In principle, “sterilization” is a process that ensures that individual actions by the central bank don’t result in an overall increase in the money supply. Monetarist theory dictates, after all, that it is excessive monetary growth that leads to inflation, which is what the ECB is exclusively mandated to guard against.

Every week since it started buying bonds under its old Securities Markets Program, the ECB has withdrawn from circulation an amount of money equivalent to what it had spent so far in buying them. For the last six months, this figure has hovered around €210 billion. The amount falls as the bonds it holds mature.

It has done this by offering one-week deposits to the banking system. Banks bid competitively for the deposits, and the rate bid has tracked the ECB’s own overnight deposit rate very closely. It has been only fractionally above zero since the ECB last cut its deposit rate in July.

Fears that it would prove difficult for the ECB to sterilize such a large amount of money regularly have so far been unfounded. On the few occasions when it has failed to auction the full amount of deposits, it has been due to exceptional, technical factors in the money market which have never lasted beyond a day or two.
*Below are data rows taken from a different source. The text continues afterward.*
(* Let $R$ be a commutative Noetherian ring of prime characteristic $p$, let $b\in\mathbb{N}$, let $W=\bigoplus_{n\geq b}W_n$ be a $\mathbb{Z}$-graded left $R[x,f]$-module (with $W_n=0$ for $n<b$), let $g_1,\ldots,g_t\in W_b$, and let $K:=\{(r_1,\ldots,r_t)\in R^t:\sum_{i=1}^t r_ig_i=0\}$. Then there is a graded left $R[x,f]$-module $W'=\bigoplus_{n\geq b-1}W'_n=(R^t/f^{-1}(K))\oplus W_b\oplus W_{b+1}\oplus\cdots$ (so $W'_{b-1}=R^t/f^{-1}(K)$ and $W'_n=W_n$ for $n\ge b$) which contains $W$ as an $R[x,f]$-submodule and satisfies $x((r_1,\ldots,r_t)+f^{-1}(K))=\sum_{i=1}^t r_i^pg_i$ for all $(r_1,\ldots,r_t)\in R^t$. Moreover, if $W$ is $x$-torsion-free, then so is $W'$, and in that case $\mathcal{G}(W')=\mathcal{G}(W)$ and $\mathcal{I}(W')=\mathcal{I}(W)$.
   Context: $R[x,f]$ denotes the Frobenius skew polynomial ring over $R$: as a left $R$-module it is free on $(x^i)_{i\in\mathbb{N}_0}$, with multiplication subject to $xr = r^px$; it is graded with $n$th component $Rx^n$. $f:R^t\to R^t$ is the Frobenius map $(r_1,\ldots,r_t)\mapsto(r_1^p,\ldots,r_t^p)$, and $f^{-1}(K)=\{v\in R^t: f(v)\in K\}$. For a left $R[x,f]$-module $M$: $M$ is $x$-torsion-free if $xm=0$ implies $m=0$; $\operatorname{grann}_{R[x,f]}M$ is the largest graded two-sided ideal annihilating $M$; $\mathcal{G}(M)$ is the set of graded annihilators of $R[x,f]$-submodules of $M$; when $M$ is $x$-torsion-free each such graded annihilator has the form $\mathfrak{c}R[x,f]=\bigoplus_n\mathfrak{c}x^n$ for an ideal $\mathfrak{c}$ of $R$, and $\mathcal{I}(M)$ is the set of ideals $\mathfrak{c}$ of $R$ with $\mathfrak{c}R[x,f]=\operatorname{grann}_{R[x,f]}N$ for some $R[x,f]$-submodule $N$ of $M$. *)

From HB Require Import structures.
From mathcomp Require Import all_boot all_order all_algebra.
Set Implicit Arguments. Unset Strict Implicit. Unset Printing Implicit Defensive.
Import Order.TTheory GRing.Theory Num.Theory.
Local Open Scope ring_scope.

Definition is_ideal (R : comRingType) (I : R -> Prop) : Prop :=
  [/\ I 0, (forall x y, I x -> I y -> I (x + y)) & (forall r x, I x -> I (r * x))].

Definition noetherian (R : comRingType) : Prop :=
  forall I : nat -> R -> Prop,
    (forall n, is_ideal (I n)) ->
    (forall n x, I n x -> I n.+1 x) ->
    exists N, forall n, (N <= n)%N -> forall x, I n x <-> I N x.

Section Modules.
Variables (R : comRingType) (M : lmodType R).

Definition is_submod (S : M -> Prop) : Prop :=
  S 0 /\ (forall r m1 m2, S m1 -> S m2 -> S (r *: m1 + m2)).

Definition graded_lmod (D : int -> M -> Prop) : Prop :=
  [/\ (forall n, is_submod (D n)),
      (forall m, exists (s : seq int) (c : int -> M),
          (forall n, D n (c n)) /\ m = \sum_(n <- s) c n) &
      (forall (s : seq int) (c : int -> M), uniq s ->
          (forall n, D n (c n)) -> \sum_(n <- s) c n = 0 ->
          forall n, n \in s -> c n = 0)].

(* A Z-graded left R[x,f]-module structure on M: X is the action of x,
   so x r = r^p x, and x maps degree n into degree n+1. *)
Definition graded_frob_mod (p : nat) (X : M -> M) (D : int -> M -> Prop) : Prop :=
  [/\ graded_lmod D,
      (forall m1 m2, X (m1 + m2) = X m1 + X m2),
      (forall r m, X (r *: m) = r ^+ p *: X m) &
      (forall n m, D n m -> D (n + 1) (X m))].
Lemma fork_reroute b A1 A2 P x q z : fork b A1 A2 P ->
  x \in s :: A1 -> x != b -> z \in P -> path h x (rcons q z) -> uniq q ->
  {in q, forall y, y \notin s :: A1 ++ A2} -> {in q, forall y, y \notin P} ->
  exists A1' A2' P', fork z A1' A2' P' /\ size P' < size P.
Proof.
move=> F xA1 xb zP hq uq nXq nPq.
case/splitPl: xA1 F nXq => A1p A1q lA1p F nXq; case/splitPr: zP F nPq => Pa Pb F nPq.
case: F => [[hA1 lA1 hA2 lA2] [hP lP bs] uA1P uA2P A12].
move: hP; rewrite cat_path /= => /and3P[hPa hz hPb].
move: hA1; rewrite cat_path => /andP[hA1p _].
have bA1q : b \in A1q.
  have := mem_last x A1q; rewrite -{1}lA1p -last_cat lA1 inE.
  by case/orP=> [/eqP bx | //]; rewrite bx eqxx in xb.
have PXdisj y : y \in Pa ++ z :: Pb -> y \in s :: A1p ++ A1q -> False.
  by move=> yP yA; move: uA1P; rewrite -cat_cons cat_uniq => /and3P[_ /hasPn/(_ y yP)]; rewrite yA.
exists (A1p ++ rcons q z), (A2 ++ rcons Pa z), Pb; split; last first.
  by rewrite size_cat /= addnS ltnS leq_addl.
rewrite /fork; split.
- by rewrite !cat_path lA1p hA1p hq hA2 lA2 rcons_path hPa hz !last_cat !last_rcons.
- split; [done | by rewrite -lP last_cat | ].
  apply/negP => /eqP zs; apply: (PXdisj z); first by rewrite mem_cat mem_head orbT.
  by rewrite zs mem_head.
- have sub : subseq (s :: A1p ++ z :: Pb) (s :: (A1p ++ A1q) ++ Pa ++ z :: Pb).
    by rewrite -!cat_cons cat_subseq ?prefix_subseq ?suffix_subseq.
  rewrite -catA cat_rcons -cat_cons; apply: uniq_insert; [exact: subseq_uniq sub uA1P | done |].
  move=> y yq; rewrite mem_cat negb_or; apply/andP; split.
    by apply: contra (nXq y yq); rewrite !inE !mem_cat => /orP[-> | ->]; rewrite ?orbT.
  by apply: contra (nPq y yq); rewrite mem_cat => ->; rewrite orbT.
- by rewrite -cats1 -!catA.
- have nA1p_b : b \notin A1p.
    move: uA1P; rewrite /= -catA cat_uniq => /and4P[_ _ /hasPn/(_ b) + _].
    by rewrite mem_cat bA1q => /(_ isT).
  move=> y; rewrite mem_cat mem_rcons in_cons => /or3P[yA1p | /eqP -> // | yq].
    rewrite mem_cat mem_rcons in_cons => /or3P[yA2 | /eqP -> // | yPa].
      by move: nA1p_b; rewrite -(A12 y) ?mem_cat ?yA1p ?yA2.
    by exfalso; apply: (PXdisj y); rewrite ?in_cons !mem_cat ?yPa ?yA1p ?orbT.
  rewrite mem_cat mem_rcons in_cons => /or3P[yA2 | /eqP -> // | yPa].
    by move: (nXq y yq); rewrite !inE !mem_cat yA2 !orbT.
  by move: (nPq y yq); rewrite mem_cat yPa.
Qed.

Lemma fork_shrink b A1 A2 P : fork b A1 A2 P -> P != [::] ->
  (forall z, z != s -> z != t -> connect [rel x y | h x y && (y != z)] s t) ->
  exists b' A1' A2' P', fork b' A1' A2' P' /\ size P' < size P.
Proof.
move=> F nP avoid; have [[hA1 lA1 hA2 lA2] [hP lP bs] uA1P uA2P A12] := F.
have tP : t \in P by move: nP; rewrite -lP; case: (P) => // y P' _ /=; apply: mem_last.
have bt : b != t.
  have := mem_last s A1; rewrite lA1 in_cons (negbTE bs) /= => bA1.
  apply: contraTneq uA1P => eq_bt; rewrite cons_uniq cat_uniq.
  by apply/negP => /and4P[_ _ /hasPn/(_ t tP) /negP[]]; rewrite -eq_bt.
have /connectP[R0 /shortenP[R hR uR _] tR] := avoid b bs bt.
have bR : b \notin s :: R by rewrite in_cons negb_or bs (path_avoid hR).
have sP : s \notin P by move: uA1P; rewrite cons_uniq mem_cat negb_or => /andP[/andP[_ ->]].
have PR : has (mem P) R.
  apply/hasP; exists t => //; have := mem_last s R; rewrite -tR in_cons.
  by case/orP=> [/eqP ts | //]; rewrite -ts tP in sP.
have [L [x [q [z [R2 [defR Xx Pz nXq nPq]]]]]] :=
  split_bridge (mem_head s (A1 ++ A2)) PR.
have hR' : path h s R by apply: sub_path hR => u w /andP[].
have hqz : path h x (rcons q z).
  move: hR'; rewrite -[path h s R]/(sorted h (s :: R)) defR sorted_cat_cons.
  by rewrite cat_path rcons_path /= => /andP[_ /andP[-> /andP[-> _]]].
have xb : x != b by apply: contraNneq bR => <-; rewrite defR mem_cat mem_head orbT.
have uq : uniq q.
  by move: uR; rewrite defR cat_uniq cons_uniq cat_uniq => /and3P[_ _ /andP[_ /andP[]]].
exists z; have /orP[xA1 | xA2] : (x \in s :: A1) || (x \in A2) by rewrite -mem_cat.
  exact: (fork_reroute F xA1 xb Pz hqz uq nXq nPq).
apply: (fork_reroute (fork_sym F) _ xb Pz hqz uq _ nPq); first by rewrite in_cons xA2 orbT.
by move=> y /nXq; rewrite !in_cons !mem_cat [(y \in A1) || _]orbC.
Qed.
Lemma density_ptrB m n (T : 'M[C]_(m * n)) : density T -> density (ptrB T).
Proof.
move=> [psdT trT]; split; last first.
  by rewrite -trT /mxtrace big_mxtens_index; apply: eq_bigr => i _; rewrite mxE.
move=> v; change (0 <= qform (ptrB T) v).
(* u k is v (x) e_k *)
pose u k : 'cV[C]_(m * n) :=
  \col_l (v (mxtens.mxtens_unindex l).1 0 * ((mxtens.mxtens_unindex l).2 == k)%:R).
suff -> : qform (ptrB T) v = \sum_k qform T (u k).
  by apply: sumr_ge0 => k _; apply: psdT.
rewrite qformE.
under eq_bigr => i _ do under eq_bigr => j _ do rewrite mxE mulr_sumr mulr_suml.
under eq_bigr => i _ do rewrite exchange_big.
rewrite exchange_big; apply: eq_bigr => k _.
rewrite qformE big_mxtens_index; apply: eq_bigr => i _.
symmetry; rewrite (bigD1 k) //= addrC big1 ?add0r; last first.
  move=> a /negbTE ak; apply: big1 => l _; rewrite !mxE mxtens.mxtens_indexK /=.
  by rewrite ak mulr0 rmorph0 !mul0r.
rewrite big_mxtens_index; apply: eq_bigr => j _.
rewrite (bigD1 k) //= addrC big1 ?add0r; last first.
  by move=> b /negbTE bk; rewrite !mxE !mxtens.mxtens_indexK /= bk !mulr0.
by rewrite !mxE !mxtens.mxtens_indexK /= eqxx !mulr1.
Qed.

End DensityMatrices.

Section BaseDigits.
Variable d : nat.

Definition expnSr_cast n : (d ^ n * d = d ^ n.+1)%N := esym (expnSr d n).

(* Prepends [a] as the least significant digit, i.e. the new copy number 0. *)
Definition cons_index n (q : 'I_(d ^ n)) (a : 'I_d) : 'I_(d ^ n.+1) :=
  cast_ord (expnSr_cast n) (mxtens.mxtens_index (q, a)).

Lemma digit_cons_index0 n q a : digit (@cons_index n q a) ord0 = a.
Proof. by apply: val_inj; rewrite /= expn0 divn1 modnMDl modn_small. Qed.

Lemma digit_cons_indexS n q a j :
  digit (@cons_index n q a) (lift ord0 j) = digit q j.
Proof.
apply: val_inj => /=; have d_gt0 : (0 < d)%N by case: a => a; case: d.
rewrite /bump leq0n add1n expnS divnMA divnMDl //.
by rewrite (divn_small (ltn_ord a)) addn0.
Qed.

Lemma cons_index_inj n q a q' b :
  (@cons_index n q a == cons_index q' b) = ((q, a) == (q', b)).
Proof.
apply/eqP/eqP => [|[-> ->] //] /(congr1 (cast_ord (esym (expnSr_cast n)))).
rewrite !cast_ordK => /(congr1 (@mxtens.mxtens_unindex _ _)).
by rewrite !mxtens.mxtens_indexK.
Qed.

Lemma cons_indexP n (k : 'I_(d ^ n.+1)) : exists q a, k = @cons_index n q a.
Proof.
set k' := cast_ord (esym (expnSr_cast n)) k.
exists (mxtens.mxtens_unindex k').1, (mxtens.mxtens_unindex k').2.
by rewrite /cons_index -surjective_pairing mxtens.mxtens_unindexK cast_ordKV.
Qed.

Lemma big_cons_index (V : nmodType) n (F : 'I_(d ^ n.+1) -> V) :
  \sum_k F k = \sum_q \sum_a F (@cons_index n q a).
Proof.
rewrite (reindex (cast_ord (expnSr_cast n))) /= ?big_mxtens_index //.
by exists (cast_ord (esym (expnSr_cast n))) => k _; rewrite (cast_ordK, cast_ordKV).
Qed.

Lemma forall_ordS n (P : 'I_n.+1 -> bool) :
  [forall j, P j] = P ord0 && [forall j : 'I_n, P (lift ord0 j)].
Proof.
apply/forallP/andP => [h|[h0 /forallP h] j]; first by split => //; apply/forallP.
by case: (unliftP ord0 j) => [j' ->|->].
Qed.

Lemma eq_digits n (q q' : 'I_(d ^ n)) :
  [forall j, digit q j == digit q' j] = (q == q').
Proof.
elim: n q q' => [|n IHn] q q'.
  have ord1 (z : 'I_(d ^ 0)) : z = ord0 by apply: val_inj; case: z => [[]].
  by rewrite (ord1 q) (ord1 q') eqxx; apply/forallP => j; rewrite eqxx.
have [q1 [a ->]] := cons_indexP q; have [q1' [b ->]] := cons_indexP q'.
rewrite forall_ordS !digit_cons_index0 cons_index_inj xpair_eqE andbC -IHn.
by congr (_ && _); apply: eq_forallb => j; rewrite !digit_cons_indexS.
Qed.

End BaseDigits.

Lemma castmx_sq_apply (R : nzRingType) (T : Type) (f : forall n, 'M[R]_n -> T)
    m m' (e : m = m') (X : 'M[R]_m) :
  f m' (castmx (e, e) X) = f m X.
Proof. by case: m' / e; rewrite castmx_id. Qed.

Section TensorPowers.
Variable R : realType.
Local Notation C := (Cplx R).
Variable d : nat.

Lemma tpowS n (rho : 'M[C]_d) :
  tpow n.+1 rho =
  castmx (expnSr_cast d n, expnSr_cast d n) (mxtens.tensmx (tpow n rho) rho).
Proof.
apply/matrixP => k l.
have [q [a ->]] := cons_indexP k; have [q' [b ->]] := cons_indexP l.
rewrite castmxE /= !mxE big_ord_recl !digit_cons_index0 !cast_ordK.
rewrite !mxtens.mxtens_indexK /= mulrC; congr (_ * _).
by apply: eq_bigr => j _; rewrite !digit_cons_indexS.
Qed.

Lemma density_tpow0 (rho : 'M[C]_d) : density (tpow 0 rho).
Proof.
split; last by rewrite /mxtrace big_ord1 mxE big_ord0.
move=> v; change (0 <= qform (tpow 0 rho) v).
by rewrite qformE !big_ord1 mxE big_ord0 mulr1 mulrC mul_conjC_ge0.
Qed.

Lemma density_tpow n (rho : 'M[C]_d) : density rho -> density (tpow n rho).
Proof.
move=> rho_dens; elim: n => [|n IHn]; first exact: density_tpow0.
by rewrite tpowS (castmx_sq_apply (@density R)); apply: density_tensmx.
Qed.

(* Regroups n+1 copies as (copies 1..n) * (copy 0), the layout of [tensmx]. *)
Definition split_copy n (X : 'M[C]_(d ^ n.+1)) : 'M[C]_(d ^ n * d) :=
  castmx (esym (expnSr_cast d n), esym (expnSr_cast d n)) X.

Lemma split_copyE n (X : 'M[C]_(d ^ n.+1)) q a q' b :
  split_copy X (mxtens.mxtens_index (q, a)) (mxtens.mxtens_index (q', b)) =
  X (cons_index q a) (cons_index q' b).
Proof. by rewrite castmxE; congr (X _ _); apply: val_inj. Qed.

Lemma split_copyK n (X : 'M[C]_(d ^ n.+1)) :
  castmx (expnSr_cast d n, expnSr_cast d n) (split_copy X) = X.
Proof. by rewrite castmx_comp castmx_id. Qed.

Lemma marg_ord0 n (X : 'M[C]_(d ^ n.+1)) : marg ord0 X = ptrA (split_copy X).
Proof.
apply/matrixP => a b; rewrite !mxE big_cons_index.
under eq_bigr => q _ do under eq_bigr => a1 _ do rewrite big_cons_index.
have select q a1 q' b1 :
  (if [&& digit (cons_index q a1) ord0 == a, digit (cons_index q' b1) ord0 == b &
     [forall j, (j != ord0) ==>
                (digit (cons_index q a1) j == digit (cons_index q' b1) j)]]
   then X (cons_index q a1) (cons_index q' b1) else 0) =
  if b1 == b then (if q' == q then (if a1 == a then
     X (cons_index q a1) (cons_index q' b1) else 0) else 0) else 0.
  rewrite !digit_cons_index0 forall_ordS /=.
  have -> : [forall j : 'I_n, digit (cons_index q a1) (lift ord0 j) ==
                               digit (cons_index q' b1) (lift ord0 j)] = (q == q').
    by rewrite -eq_digits; apply: eq_forallb => j; rewrite !digit_cons_indexS.
  by rewrite [q' == q]eq_sym; case: (a1 == a); case: (b1 == b); case: (q == q').
under eq_bigr => q _ do under eq_bigr => a1 _ do under eq_bigr => q' _ do
  under eq_bigr => b1 _ do rewrite select.
under eq_bigr => q _ do under eq_bigr => a1 _ do under eq_bigr => q' _ do
  rewrite big_if_eq.
under eq_bigr => q _ do under eq_bigr => a1 _ do rewrite big_if_eq.
under eq_bigr => q _ do rewrite big_if_eq.
by apply: eq_bigr => q _; rewrite split_copyE.
Qed.

Lemma marg_lift n (i : 'I_n) (X : 'M[C]_(d ^ n.+1)) :
  marg (lift ord0 i) X = marg i (ptrB (split_copy X)).
Proof.
apply/matrixP => a b; rewrite !mxE big_cons_index.
under eq_bigr => q _ do under eq_bigr => a1 _ do rewrite big_cons_index.
pose same_rest (q q' : 'I_(d ^ n)) := [&& digit q i == a, digit q' i == b &
     [forall j, (j != i) ==> (digit q j == digit q' j)]].
have select q a1 q' b1 :
  (if [&& digit (cons_index q a1) (lift ord0 i) == a,
          digit (cons_index q' b1) (lift ord0 i) == b &
     [forall j, (j != lift ord0 i) ==>
        (digit (cons_index q a1) j == digit (cons_index q' b1) j)]]
   then X (cons_index q a1) (cons_index q' b1) else 0) =
  if same_rest q q' then (if b1 == a1 then X (cons_index q a1) (cons_index q' b1)
                          else 0) else 0.
  rewrite !digit_cons_indexS forall_ordS /= !digit_cons_index0.
  have -> : [forall j : 'I_n, (lift ord0 j != lift ord0 i) ==>
     (digit (cons_index q a1) (lift ord0 j) ==
      digit (cons_index q' b1) (lift ord0 j))] =
     [forall j, (j != i) ==> (digit q j == digit q' j)].
    apply: eq_forallb => j.
    by rewrite (inj_eq (@lift_inj _ ord0)) !digit_cons_indexS.
  rewrite /same_rest [b1 == a1]eq_sym.
  by case: (digit q i == a); case: (digit q' i == b); case: (a1 == b1);
    case: [forall j, _].
under eq_bigr => q _ do under eq_bigr => a1 _ do under eq_bigr => q' _ do
  under eq_bigr => b1 _ do rewrite select.
apply: eq_bigr => q _; rewrite exchange_big; apply: eq_bigr => q' _.
rewrite /same_rest; case: ifP => _; last by apply: big1 => a1 _; apply: big1.
by rewrite mxE; apply: eq_bigr => c _; rewrite big_if_eq split_copyE.
Qed.

End TensorPowers.

Lemma lt_limn_esup (R : realType) (u : (\bar R)^nat) (x : \bar R) :
  (x < limn_esup u)%E -> forall N, exists2 n, (N <= n)%N & (x < u n)%E.
Proof.
move=> x_lt N.
have le_esups : (limn_esup u <= esups u N)%E.
  rewrite limn_esup_lim (cvg_lim _ (@cvg_esups_inf R u)) //.
  by apply: ge_ereal_inf; exists (esups u N) => //; exists N.
have := lt_le_trans x_lt le_esups; rewrite /esups /=.
by move=> /ereal_sup_gt [_ [n Nn <-] x_lt_un]; exists n.
Qed.

Lemma ler_of_frequently_natmul (R : archiRealFieldType) (a b c : R) :
  (forall N, exists2 n, (N <= n)%N & n%:R * a <= n%:R * b + c) -> a <= b.
Proof.
move=> freq; rewrite leNgt; apply/negP => lt_ba.
have c_ba_ge0 : 0 <= `|c| / (a - b) by rewrite divr_ge0 // subr_ge0 ltW.
have [n Nn le_n] := freq (Num.truncn (`|c| / (a - b))).+1.
have /andP[_ lt_c] := truncn_itv c_ba_ge0.
rewrite -(ler_nat R) in Nn; move: (lt_le_trans lt_c Nn).
rewrite ltr_pdivrMr ?subr_gt0 // mulrBr => lt_cn.
have := ler_norm c; lra.
Qed.

Lemma lee_mul_EFin (R : realType) (x : \bar R) (a b : R) : 0 <= a -> 0 <= b ->
  (forall r, (r%:E < x)%E -> r * a <= b) -> (x * a%:E <= b%:E)%E.
Proof.
move=> a_ge0 b_ge0 lt_le; have [->|a_neq0] := eqVneq a 0.
  by rewrite mule0 lee_fin.
have a_gt0 : 0 < a by rewrite lt0r a_neq0.
case: x lt_le => [x| |] lt_le.
- rewrite -EFinM lee_fin; apply/ler_addgt0Pr => e e_gt0.
  have := lt_le (x - e / a); rewrite lte_fin gtrBl divr_gt0 // mulrBl divfK //.
  by move=> /(_ isT); lra.
- by have := lt_le ((b + 1) / a) (ltry _); rewrite divfK ?gt_eqF // => ?; exfalso; lra.
- by rewrite mulNyr gtr0_sg // mul1e leNye.
Qed.

Section ResourceMonotones.
Variable R : realType.
Local Notation C := (Cplx R).
Variable Res : forall d : nat, 'M[C]_d -> R.
Hypothesis Res_ge0 : forall d (w : 'M[C]_d), density w -> 0 <= Res w.
Hypothesis Res_tensmx : forall m n (w : 'M[C]_m) (w' : 'M[C]_n),
  density w -> density w' -> Res (mxtens.tensmx w w') = Res w + Res w'.
Hypothesis Res_super : forall m n (tau : 'M[C]_(m * n)), density tau ->
  Res (ptrB tau) + Res (ptrA tau) <= Res tau.

Lemma Res_tpow0 d (rho : 'M[C]_d) : Res (tpow 0 rho) = 0.
Proof.
have tpow0_dens := density_tpow0 rho.
have tens_tpow0 : mxtens.tensmx (tpow 0 rho) (tpow 0 rho) = tpow 0 rho :> 'M_(1 * 1).
  by apply/matrixP => k l; rewrite !mxE !big_ord0 mulr1.
have := Res_tensmx tpow0_dens tpow0_dens; rewrite tens_tpow0.
(* identify the indices [1 * 1] and [d ^ 0] for [lra] *)
change (@Res 1 (tpow 0 rho) = @Res 1 (tpow 0 rho) + @Res 1 (tpow 0 rho) ->
        @Res 1 (tpow 0 rho) = 0).
lra.
Qed.

Lemma Res_tpow d n (rho : 'M[C]_d) :
  density rho -> Res (tpow n rho) = n%:R * Res rho.
Proof.
move=> rho_dens; elim: n => [|n IHn]; first by rewrite Res_tpow0 mul0r.
rewrite tpowS (castmx_sq_apply (@Res)) Res_tensmx ?IHn //; last exact: density_tpow.
by rewrite -nat1r mulrDl mul1r addrC.
Qed.

Lemma Res_ge_marg d' k (X : 'M[C]_(d' ^ k)) (rho' : 'M[C]_d') :
  density X -> (forall i, marg i X = rho') -> k%:R * Res rho' <= Res X.
Proof.
elim: k X => [|k IHk] X X_dens X_marg; first by rewrite mul0r Res_ge0.
rewrite -(split_copyK X) (castmx_sq_apply (@Res)).
have Y_dens : density (split_copy X).
  by rewrite -(castmx_sq_apply (@density R) (expnSr_cast d' k)) split_copyK.
have := Res_super Y_dens; rewrite -marg_ord0 X_marg.
have : k%:R * Res rho' <= Res (ptrB (split_copy X)).
  by apply: IHk => [|i]; [exact: density_ptrB | rewrite -marg_lift].
rewrite -nat1r mulrDl mul1r; lra.
Qed.

Variable O : opclass R.
Hypothesis O_density : forall m n (Lam : 'M[C]_m -> 'M[C]_n), O Lam ->
  forall w, density w -> density (Lam w).
Hypothesis Res_mono : forall m n (Lam : 'M[C]_m -> 'M[C]_n) (w : 'M[C]_m),
  O Lam -> density w -> Res (Lam w) <= Res w.

Lemma achievable_Res_le d d' (rho : 'M[C]_d) (rho' : 'M[C]_d') n r :
  density rho -> achievable O rho rho' n r ->
  (Num.truncn (r * n%:R))%:R * Res rho' <= n%:R * Res rho.
Proof.
move=> rho_dens [Lam [O_Lam Lam_marg]].
have tpow_dens := density_tpow n rho_dens.
rewrite -[n%:R * _]Res_tpow //; apply: le_trans _ (Res_mono O_Lam tpow_dens).
exact: Res_ge_marg (O_density O_Lam tpow_dens) Lam_marg.
Qed.

Lemma lt_R0tilde_Res_le d d' (rho : 'M[C]_d) (rho' : 'M[C]_d') r :
  density rho -> density rho' -> (r%:E < R0tilde O rho rho')%E ->
  r * Res rho' <= Res rho.
Proof.
move=> rho_dens rho'_dens /lt_limn_esup lt_sup.
have Res'_ge0 := Res_ge0 rho'_dens.
apply: (@ler_of_frequently_natmul _ _ _ (Res rho')) => N.
have [n Nn /ereal_sup_gt [_ [s [s_ge0 ach] <-]]] := lt_sup N.
rewrite lte_fin => lt_rs; exists n => //.
have le_trunc := achievable_Res_le rho_dens ach.
have /andP[_ lt_trunc] := truncn_itv (mulr_ge0 s_ge0 (ler0n R n)).
have le_rs : n%:R * (r * Res rho') <= s * n%:R * Res rho'.
  by rewrite mulrCA -mulrA ler_wpM2r ?mulr_ge0 // ltW.
have le_sT : s * n%:R * Res rho' <= ((Num.truncn (s * n%:R))%:R + 1) * Res rho'.
  by rewrite ler_wpM2r // addrC nat1r ltW.
rewrite mulrDl mul1r in le_sT; lra.
Qed.

End ResourceMonotones.

Theorem mainTheorem13 (R : realType) (O : opclass R)
  (Res : forall d : nat, 'M[Cplx R]_d -> R)
  (HOstate : forall m n (Lam : 'M[Cplx R]_m -> 'M[Cplx R]_n), O m n Lam ->
     forall w, density w -> density (Lam w))
  (Hnonneg : forall d (w : 'M[Cplx R]_d), density w -> 0 <= Res d w)
  (Hmono : forall m n (Lam : 'M[Cplx R]_m -> 'M[Cplx R]_n) (w : 'M[Cplx R]_m),
     O m n Lam -> density w -> Res n (Lam w) <= Res m w)
  (Hadd : forall m n (w : 'M[Cplx R]_m) (w' : 'M[Cplx R]_n),
     density w -> density w' -> Res (m * n)%N (mxtens.tensmx w w') = Res m w + Res n w')
  (Hsuper : forall m n (tau : 'M[Cplx R]_(m * n)), density tau ->
     Res m (ptrB tau) + Res n (ptrA tau) <= Res (m * n)%N tau)
  (d d' : nat) (rho : 'M[Cplx R]_d) (rho' : 'M[Cplx R]_d')
  (Hrho : density rho) (Hrho' : density rho') :
  (forall r : R, (r%:E < R0tilde O rho rho')%E -> r * Res d' rho' <= Res d rho) /\
  (R0tilde O rho rho' * (Res d' rho')%:E <= (Res d rho)%:E)%E.
Proof.
have rate_bound r : (r%:E < R0tilde O rho rho')%E -> r * Res d' rho' <= Res d rho.
  exact: (lt_R0tilde_Res_le Hnonneg Hadd Hsuper HOstate Hmono Hrho Hrho').
split=> //; apply: lee_mul_EFin rate_bound; exact: Hnonneg.
Qed.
This situation might change if the ECB and the euro zone succeed in restoring so much confidence to the region’s financial markets and economy that banks start again to lend to each other, and to businesses and households. Before the crisis, the private sector routinely created a multiple of the money created by the central bank.

But the link between central bank money and privately created money has changed beyond recognition since 2007. Growth in broad money aggregates has collapsed despite the ECB more than doubling the size of the monetary base, which typically consists of cash in circulation plus banks’ reserves at the central bank.

As of today, the precautionary hoarding of reserves by euro-zone banks is so great that banks are holding over €770 billion in excess reserves in accounts at the ECB, voluntarily “sterilizing” money the ECB created without forcing it to lift a finger.

The ECB is sterilizing another €209 billion by paying only 0.01% on the deposits it auctions. In the current environment, it does not seem like the ECB would struggle to withdraw from the market any amount of liquidity it wanted to. Even so, the numbers implicit in the ECB’s new bond-buying scheme are daunting. Excluding treasury bills, there are some €390 billion in Italian bonds that fall due in the next three years.

For Spain, the number is €203 billion, for Portugal and Ireland combined, another €50 billion, according to national debt agency data. In all, a total of over €640 billion. Of this, it seems likely that the ECB already holds — and sterilizes — a large part of its €209 billion SMP portfolio. There are no precise data yet on the ECB’s holdings, but only around 40 billion euros is accounted for by Greece.

Thus the amount that the ECB needs to sterilize could easily double or treble from its current level. This may incline it to sterilize more over a longer time-frame of a month or three months or even more, so as to reduce the potential for volatility in the money market. The ECB has already examined such options internally two years ago, but chose not to proceed.